Douaa Sheet

Grant Type

Dissertation Fieldwork Grant

Institutional Affiliation

New York, Graduate Center, City U. of

Grant number

Gr. 9357

Approve Date

October 5, 2016

Project Title

Sheet, Douaa, City U. of New York, Graduate Center, New York, NY - To aid research on 'The Politics of 'Dignity' in Post-Uprising Tunisia: Transitional Justice, Social Suffering, and Shifting Fault Lines,' supervised by Dr. Vincent Crapanzano

DOUAA SHEET, then a graduates student at City University of New York, Graduate Center, New York, New York, was awarded funding in October 2016 to aid research on ‘The Politics of ‘Dignity’ in Post-Uprising Tunisia: Transitional Justice, Social Suffering, and Shifting Fault Lines,’ supervised by Dr. Vincent Crapanzano. This project is a historical and ethnographic study of ‘dignity’ (kar_m_): the moral demand that mobilized the 2011 Tunisian uprising and dominated the social and political scene in its aftermath. Through the lens of the Truth and Dignity Commission (TDC)’the heated controversies that have surrounded its work, public hearings, demonstrations protesting its proceedings, interviews with its commissioners and staff, participation in its national consultations, and a reading of its internal laws and reports’this study investigates the role of moral values in mobilizing social movements.
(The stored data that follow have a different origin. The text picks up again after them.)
(* Let $n\ge3$ and let $x^\Lambda\partial_k,x^\Theta\partial_u\in\mathcal{B}$ with $[x^\Lambda\partial_k,x^\Theta\partial_u]\ne0$. Then for every integer $i\ge-1$, \[\mathrm{lev}_i([x^\Lambda\partial_k,x^\Theta\partial_u])=\mathrm{lev}_i(x^\Lambda\partial_k)+\mathrm{lev}_i(x^\Theta\partial_u)-h_i(n-1)\] and \[\mathrm{WD}([x^\Lambda\partial_k,x^\Theta\partial_u])=\mathrm{WD}(x^\Lambda\partial_k)+\mathrm{WD}(x^\Theta\partial_u)-(n-1).\] Moreover, if $\mathrm{lev}_i(x^\Lambda\partial_k)\le i$ and $\mathrm{lev}_j(x^\Theta\partial_u)\le j$ for some $i,j\ge-1$, then \[\mathrm{WD}([x^\Lambda\partial_k,x^\Theta\partial_u])\le\min\bigl(\mathrm{WD}(x^\Lambda\partial_k),\mathrm{WD}(x^\Theta\partial_u)\bigr),\] with equality if and only if one of $x^\Lambda\partial_k$, $x^\Theta\partial_u$ equals $\partial_1$.
   Context: Fix an integer $n\ge 3$. A partition is a sequence $\Lambda=(\lambda_j)_{j\ge1}$ of non-negative integers with finite support; $\mathrm{wt}(\Lambda)=\sum_j j\lambda_j$; $\mathrm{Part}(k)$ is the set of partitions with $\lambda_j=0$ for $j>k$. Write $x^\Lambda=\prod_j x_j^{\lambda_j}$, $\deg(x^\Lambda)=\sum_j\lambda_j$, and let $\partial_k$ be the partial derivative with respect to $x_k$. $\mathfrak{L}(n)$ is the free $\mathbb{Z}$-module with basis $\mathcal{B}=\{x^\Lambda\partial_k : 1\le k\le n,\ \Lambda\in\mathrm{Part}(k-1)\}$, a Lie ring with bracket defined on basis elements by $[x^\Lambda\partial_k,x^\Theta\partial_j]=\partial_j(x^\Lambda)x^\Theta\partial_k$ if $j<k$, $-x^\Lambda\partial_k(x^\Theta)\partial_j$ if $j>k$, $0$ if $j=k$, extended bilinearly; thus a nonzero bracket of two basis elements is $c\cdot x^\Gamma\partial_v$ for a nonzero integer $c$ and $x^\Gamma\partial_v\in\mathcal{B}$. For an integer $i\ge-1$, let $r_i\in\{1,\dots,n-1\}$ with $i\equiv r_i\pmod{n-1}$ and $h_i=\lfloor (i-1)/(n-1)\rfloor+1$. For a nonzero integer $c$ and $x^\Lambda\partial_k\in\mathcal{B}$ define $\mathrm{WD}(c\,x^\Lambda\partial_k)=\mathrm{wt}(\Lambda)-\deg(x^\Lambda)+n-k$ and $\mathrm{lev}_i(c\,x^\Lambda\partial_k)=h_i\,\mathrm{WD}(x^\Lambda\partial_k)+\deg(x^\Lambda)-1$. *)

From mathcomp Require Import all_boot all_order all_algebra.
Set Implicit Arguments. Unset Strict Implicit. Unset Printing Implicit Defensive.
Import Order.TTheory GRing.Theory Num.Theory.
Local Open Scope ring_scope.

(* A partition Lambda = (lambda_j)_{j>=1} is represented by a function
   L : nat -> nat, with L j = lambda_j for j >= 1; the unused entry L 0 is
   required to be 0 so that the representation is canonical. *)
Definition mono := nat -> nat.

Definition inPart (m : nat) (L : mono) : Prop :=
  forall j : nat, ((j == 0)%N || (m < j)%N) -> L j = 0%N.

Definition is_basis (n : nat) (L : mono) (k : nat) : Prop :=
  (1 <= k <= n)%N /\ inPart k.-1 L.

Definition wt (m : nat) (L : mono) : nat := (\sum_(1 <= j < m.+1) j * L j)%N.
Definition deg (m : nat) (L : mono) : nat := (\sum_(1 <= j < m.+1) L j)%N.

Definition WD (n : nat) (L : mono) (k : nat) : int :=
  (wt k.-1 L)%:Z - (deg k.-1 L)%:Z + n%:Z - k%:Z.

Definition h (n : nat) (i : int) : int := ((i - 1) %/ (n%:Z - 1))%Z + 1.

Definition lev (n : nat) (i : int) (L : mono) (k : nat) : int :=
  h n i * WD n L k + (deg k.-1 L)%:Z - 1.

(* Result of a bracket of two basis elements: c * x^Gamma d_v. *)
Record bres := Bres { coef : int; gam : mono; vidx : nat }.

(* [x^L d_k, x^T d_u] =
     d_u(x^L) x^T d_k          if u < k   ( = lambda_u x^(L - e_u + T) d_k )
   - x^L d_k(x^T) d_u          if u > k   ( = - theta_k x^(L + T - e_k) d_u )
     0                         if u = k *)
Definition bracket (L : mono) (k : nat) (T : mono) (u : nat) : bres :=
  if (u < k)%N then
    Bres (L u)%:Z (fun j => (L j - (j == u) + T j)%N) k
  else if (k < u)%N then
    Bres (- (T k)%:Z) (fun j => (L j + (T j - (j == k)))%N) u
  else Bres 0 L k.

Definition is_d1 (L : mono) (k : nat) : Prop := k = 1%N /\ (forall j, L j = 0%N).

From mathcomp Require Import all_boot all_order all_algebra zify ring lra.
Set Implicit Arguments. Unset Strict Implicit. Unset Printing Implicit Defensive.
Import Order.TTheory GRing.Theory Num.Theory.
Local Open Scope ring_scope.

(* A nonzero bracket deletes one variable x_v from one factor and multiplies
   by the other, so weight and degree of the result are additive up to that
   variable; hence WD and deg of the bracket are sums minus constants, and the
   level identity is linear.  For the inequality, lev_i <= i forces
   WD <= n - 1 with equality only at d_1: since i <= h_i (n - 1), a monomial
   of degree >= 2 has h_i WD < h_i (n - 1); degree 1 gives WD <= n - 2 as the
   weight is at most k - 1; degree 0 gives WD = n - k. *)

Definition wsum (w : nat -> nat) (m : nat) (L : mono) : nat :=
  (\sum_(1 <= j < m.+1) w j * L j)%N.

Lemma wtE m L : wt m L = wsum id m L.
Proof. by []. Qed.

Lemma degE m L : deg m L = wsum (fun=> 1%N) m L.
Proof. by apply: eq_bigr => j _; rewrite mul1n. Qed.

Lemma eq_wsum w m A B : (forall j, A j = B j) -> wsum w m A = wsum w m B.
Proof. by move=> eqAB; apply: eq_bigr => j _; rewrite eqAB. Qed.

Lemma wsumD w m A B :
  wsum w m (fun j => A j + B j)%N = (wsum w m A + wsum w m B)%N.
Proof. by rewrite /wsum -big_split; apply: eq_bigr => j _; rewrite mulnDr. Qed.

Lemma wsum_widen w m p L : inPart m L -> (m <= p)%N -> wsum w p L = wsum w m L.
Proof.
move=> Lm le_mp; rewrite /wsum (@big_cat_nat _ _ _ m.+1) //=.
rewrite [X in (_ + X)%N]big1_seq ?addn0 // => j /andP[_].
by rewrite mem_iota => /andP[lt_mj _]; rewrite Lm ?muln0 //; apply/orP; right.
Qed.

Lemma wsum_subn_delta w m v L : (1 <= v <= m)%N -> (0 < L v)%N ->
  (wsum w m (fun j => L j - (j == v)) + w v)%N = wsum w m L.
Proof.
move=> v_in Lv_gt0.
have wv : (\sum_(1 <= j < m.+1) w j * (j == v))%N = w v.
  have v_iota : v \in index_iota 1 m.+1 by rewrite mem_iota; lia.
  rewrite (bigD1_seq v v_iota (iota_uniq _ _)) /= eqxx muln1.
  by rewrite big1 ?addn0 // => j /negbTE ->; rewrite muln0.
rewrite -wv /wsum -big_split; apply: eq_bigr => j _ /=; rewrite -mulnDr.
by case: eqP => [->|_]; congr (_ * _)%N; lia.
Qed.

Lemma wsum_merge w m p v A B : inPart p B -> (p <= m)%N ->
  (1 <= v <= m)%N -> (0 < A v)%N ->
  (wsum w m (fun j => A j - (j == v) + B j) + w v = wsum w m A + wsum w p B)%N.
Proof.
move=> Bp le_pm v_in Av_gt0.
rewrite wsumD (wsum_widen w Bp le_pm) -(wsum_subn_delta w v_in Av_gt0); lia.
Qed.

Lemma wt_le_mul_deg m L : (wt m L <= m * deg m L)%N.
Proof.
rewrite /deg /wt big_distrr !big_nat; apply: leq_sum => j /andP[_ lt_jm].
by rewrite leq_mul2r -ltnS lt_jm orbT.
Qed.

Lemma bracket_deg_WD n L k T u : inPart k.-1 L -> inPart u.-1 T ->
  coef (bracket L k T u) != 0 ->
  (deg (vidx (bracket L k T u)).-1 (gam (bracket L k T u)))%:Z
     = (deg k.-1 L)%:Z + (deg u.-1 T)%:Z - 1 /\
  WD n (gam (bracket L k T u)) (vidx (bracket L k T u))
     = WD n L k + WD n T u - (n%:Z - 1).
Proof.
rewrite /bracket /WD !degE !wtE => Lk Tu.
case: ltnP => [lt_uk|le_ku] /=.
  move=> Lu_neq0; have Lu_gt0 : (0 < L u)%N by lia.
  have u_neq0 : u != 0%N by apply: contraTneq Lu_gt0 => ->; rewrite Lk.
  have u_in : (1 <= u <= k.-1)%N by lia.
  have le_pred_uk : (u.-1 <= k.-1)%N by lia.
  have := wsum_merge id Tu le_pred_uk u_in Lu_gt0.
  have := wsum_merge (fun=> 1%N) Tu le_pred_uk u_in Lu_gt0.
  lia.
case: ltnP => [lt_ku|_] //=.
move=> Tk_neq0; have Tk_gt0 : (0 < T k)%N by lia.
have k_neq0 : k != 0%N by apply: contraTneq Tk_gt0 => ->; rewrite Tu.
have k_in : (1 <= k <= u.-1)%N by lia.
have le_pred_ku : (k.-1 <= u.-1)%N by lia.
have comm j : (L j + (T j - (j == k)) = T j - (j == k) + L j)%N by rewrite addnC.
rewrite !(eq_wsum _ _ comm).
have := wsum_merge id Lk le_pred_ku k_in Tk_gt0.
have := wsum_merge (fun=> 1%N) Lk le_pred_ku k_in Tk_gt0.
lia.
Qed.

Lemma h_ge0 n i : (3 <= n)%N -> -1 <= i -> 0 <= h n i.
Proof.
move=> n_ge3 i_ge; rewrite /h -lerBlDr sub0r lez_divRL; lia.
Qed.

Lemma le_h_mul n i : (2 <= n)%N -> i <= h n i * (n%:Z - 1).
Proof.
move=> n_ge2; have m_neq0 : n%:Z - 1 != 0 by lia.
have := divz_eq (i - 1) (n%:Z - 1); have := ltz_mod (i - 1) m_neq0.
rewrite gtr0_norm /h; [nia | lia].
Qed.

Lemma WD_deg0 n L k : deg k.-1 L = 0%N -> WD n L k = n%:Z - k%:Z.
Proof. by move=> deg0; have := wt_le_mul_deg k.-1 L; rewrite /WD deg0; lia. Qed.

Lemma WD_le_of_lev_deg_gt0 n L k i : (3 <= n)%N -> (0 < k)%N -> -1 <= i ->
  lev n i L k <= i -> (0 < deg k.-1 L)%N -> WD n L k <= n%:Z - 2.
Proof.
rewrite /lev => n_ge3 k_gt0 i_ge lev_le deg_gt0.
have h_nneg := h_ge0 n_ge3 i_ge; have le_i_h := le_h_mul i (ltnW n_ge3).
case: (ltngtP (deg k.-1 L) 1) => [|deg_gt1|deg1]; [lia | nia |].
by have := wt_le_mul_deg k.-1 L; rewrite /WD deg1; lia.
Qed.

Lemma WD_le_of_lev n L k i : (3 <= n)%N -> is_basis n L k -> -1 <= i ->
  lev n i L k <= i -> WD n L k <= n%:Z - 1 /\ (WD n L k = n%:Z - 1 <-> is_d1 L k).
Proof.
move=> n_ge3 [k_in Lk] i_ge lev_le.
have d1E : is_d1 L k <-> k = 1%N.
  by split=> [[]//|k1]; split=> // j; apply: Lk; rewrite k1; case: j.
rewrite d1E; case: (posnP (deg k.-1 L)) => [deg0|deg_gt0].
  rewrite WD_deg0 //; lia.
have k_neq1 : k <> 1%N by move=> k1; move: deg_gt0; rewrite k1 /deg big_geq.
have k_gt0 : (0 < k)%N by case/andP: k_in.
by have := WD_le_of_lev_deg_gt0 n_ge3 k_gt0 i_ge lev_le deg_gt0; lia.
Qed.

Lemma addrB_le_min (R : realDomainType) (a b c : R) : a <= c -> b <= c ->
  a + b - c <= Num.min a b /\ (a + b - c = Num.min a b <-> a = c \/ b = c).
Proof.
move=> le_ac le_bc; rewrite minEle.
case: ifP => le_ab; split; try lra; split; try lra; case; lra.
Qed.

Theorem proposition2p3 (n : nat) (L : mono) (k : nat) (T : mono) (u : nat) :
  (3 <= n)%N -> is_basis n L k -> is_basis n T u ->
  coef (bracket L k T u) != 0 ->
  (forall i : int, -1 <= i ->
     lev n i (gam (bracket L k T u)) (vidx (bracket L k T u))
     = lev n i L k + lev n i T u - h n i * (n%:Z - 1)) /\
  WD n (gam (bracket L k T u)) (vidx (bracket L k T u))
     = WD n L k + WD n T u - (n%:Z - 1) /\
  (forall i j : int, -1 <= i -> -1 <= j ->
     lev n i L k <= i -> lev n j T u <= j ->
     WD n (gam (bracket L k T u)) (vidx (bracket L k T u))
       <= Num.min (WD n L k) (WD n T u) /\
     (WD n (gam (bracket L k T u)) (vidx (bracket L k T u))
       = Num.min (WD n L k) (WD n T u) <-> is_d1 L k \/ is_d1 T u)).
Proof.
move=> n_ge3 BL BT coef_neq0.
have [deg_bracket WD_bracket] := bracket_deg_WD n BL.2 BT.2 coef_neq0.
split=> [i _|]; first by rewrite /lev deg_bracket WD_bracket; ring.
split=> // i j i_ge j_ge levL levT.
have [WDL_le WDL_eq] := WD_le_of_lev n_ge3 BL i_ge levL.
have [WDT_le WDT_eq] := WD_le_of_lev n_ge3 BT j_ge levT.
by rewrite WD_bracket -WDL_eq -WDT_eq; apply: addrB_le_min.
Qed.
The competing moral traditions examined include: the Islamic tradition that gained more dominance with the rise of the Islamist Ennahda party to power after the uprising, the leftist understanding of dignity as employment, and the human rights discourse of dignity as recognition of past abuses represented by the TDC. Findings detailing how differential conceptions of dignity in Tunisia are used as moral grounds to legitimize certain models of militancy and disparage others are analyzed to identify the role of moral values in mobilizing the 2011 Arab Spring. This project advances studies of national reconciliation processes, social movements, the adjudication of human rights violations, and the changing role of women in the broader Middle East.